» Task description
The entries follow. Copy every line in which "Lemma" appears.

START Entries supplied

Lemma reg_sqdist_ge_eps x j : eps <= reg_sqdist x j.
Proof. by rewrite lerDr dotrr_ge0. Qed.

Lemma reg_sqdist_gt0 x j : 0 < reg_sqdist x j.
Proof. exact: lt_le_trans eps_gt0 (reg_sqdist_ge_eps x j). Qed.

Lemma mu_gt0 x j : 0 < mu x j.
Proof. by rewrite muE mulr_gt0 ?powR_gt0 ?reg_sqdist_gt0. Qed.

Lemma half_p_bounds : 2^-1 <= q <= 1.
Proof.
by apply/andP; split; [rewrite ler_pdivlMr // mulVf | rewrite ler_pdivrMr // mul1r].
Qed.

Lemma half_p_gt0 : 0 < q.
Proof. by rewrite divr_gt0 // (lt_le_trans ltr01 p_ge1). Qed.

Lemma Phi_le_linearization x y :
  Phi y <= Phi x + q * \sum_j mu x j * (reg_sqdist y j - reg_sqdist x j).
Proof.
rewrite !PhiE mulr_sumr -big_split /=; apply: ler_sum => j _.
have q01 : 0 < q <= 1 by rewrite half_p_gt0; case/andP: half_p_bounds.
set s := reg_sqdist x j; set t := reg_sqdist y j.
have -> : w j * s `^ q + q * (mu x j * (t - s))
    = w j * (s `^ q + q * s `^ (q - 1) * (t - s)) by rewrite muE; ring.
rewrite ler_pM2l //.
exact: concave_powR_tangent _ _ _ q01 (reg_sqdist_gt0 x j) (ltW (reg_sqdist_gt0 y j)).
Qed.

Lemma irls_step_min x y :
  \sum_j mu x j * reg_sqdist (step x) j <= \sum_j mu x j * reg_sqdist y j.
Proof.
rewrite /reg_sqdist; under eq_bigr do rewrite mulrDr.
under [X in _ <= X]eq_bigr do rewrite mulrDr.
rewrite !big_split /= lerD2r; apply: wmean_dotr_le.
exact: sumr_gt0 (Ordinal n_gt0) _ (mu_gt0 x).
Qed.

Lemma reg_sqdist_segment x z t j :
  reg_sqdist (x + t *: (z - x)) j - reg_sqdist x j
    = 2 * t * dotr (x - a j) (z - x) + t ^+ 2 * dotr (z - x) (z - x).
Proof.
rewrite /reg_sqdist.
have -> : x + t *: (z - x) - a j = x - a j + t *: (z - x) by rewrite addrAC.
by rewrite dotr_sqrDZ; ring.
Qed.

Lemma Phi_irls_step_le x z t :
  Phi (step x) <= Phi x + q * (2 * t * \sum_j mu x j * dotr (x - a j) (z - x)
                              + t ^+ 2 * (\sum_j mu x j) * dotr (z - x) (z - x)).
Proof.
apply: (le_trans (Phi_le_linearization x (step x))).
rewrite lerD2l ler_pM2l ?half_p_gt0 //.
have -> : 2 * t * \sum_j mu x j * dotr (x - a j) (z - x)
    + t ^+ 2 * (\sum_j mu x j) * dotr (z - x) (z - x)
    = \sum_j mu x j * (reg_sqdist (x + t *: (z - x)) j - reg_sqdist x j).
  rewrite [X in X + _]mulr_sumr [t ^+ 2 * _]mulr_sumr mulr_suml -big_split /=.
  by apply: eq_bigr => j _; rewrite reg_sqdist_segment; ring.
under eq_bigr do rewrite mulrBr; under [X in _ <= X]eq_bigr do rewrite mulrBr.
by rewrite !sumrB lerD2r irls_step_min.
Qed.

Lemma Phi_irls_step_le_Phi x : Phi (step x) <= Phi x.
Proof.
by have := Phi_irls_step_le x x 0; rewrite !mulr0 expr0n /= !mul0r addr0 mulr0 addr0.
Qed.

Lemma Phi_irls_iter_le x0 t : Phi (irls_iter a w eps p x0 t) <= Phi x0.
Proof.
elim: t => [|t IH]; first exact: lexx.
exact: le_trans (Phi_irls_step_le_Phi (irls_iter a w eps p x0 t)) IH.
Qed.

Definition sc_modulus K := q * eps * K `^ (q - 1) / K.

Lemma Phi_quadratic_minorant x z K :
  (forall j, reg_sqdist x j <= K) -> (forall j, reg_sqdist z j <= K) ->
  Phi x + 2 * q * \sum_j mu x j * dotr (x - a j) (z - x)
    + sc_modulus K * (\sum_j w j) * dotr (z - x) (z - x) <= Phi z.
Proof.
move=> xK zK; rewrite !PhiE [2 * q * _]mulr_sumr [sc_modulus K * _]mulr_sumr mulr_suml.
rewrite -!big_split /=; apply: ler_sum => j _.
set u := x - a j; set v := z - a j.
have -> : z - x = v - u by rewrite /u /v opprB addrA subrK.
have D0 : 0 <= dotr u u + dotr v v - 2 * dotr u v by rewrite -dotr_sqrB dotrr_ge0.
have := regularized_norm_powR_minorant _ _ _ _ _ _ eps_gt0 half_p_bounds
  (dotrr_ge0 u) (dotrr_ge0 v) (CauchySchwarz_dotr u v) D0 (xK j) (zK j).
rewrite /reg_sqdist -/u -/v => /(ler_wpM2l (ltW (w_gt0 j))).
by rewrite muE /reg_sqdist -/u dotrDr dotrNr dotr_sqrB /sc_modulus; lra.
Qed.

Definition irls_rate K := 1 - sc_modulus K / (sc_modulus K + q * eps `^ (q - 1)).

END Entries supplied

» Answer
Lemma reg_sqdist_ge_eps x j : eps <= reg_sqdist x j.
Lemma reg_sqdist_gt0 x j : 0 < reg_sqdist x j.
Lemma mu_gt0 x j : 0 < mu x j.
Lemma half_p_bounds : 2^-1 <= q <= 1.
Lemma half_p_gt0 : 0 < q.
Lemma Phi_le_linearization x y :
Lemma irls_step_min x y :
Lemma reg_sqdist_segment x z t j :
Lemma Phi_irls_step_le x z t :
Lemma Phi_irls_step_le_Phi x : Phi (step x) <= Phi x.
Lemma Phi_irls_iter_le x0 t : Phi (irls_iter a w eps p x0 t) <= Phi x0.
Lemma Phi_quadratic_minorant x z K :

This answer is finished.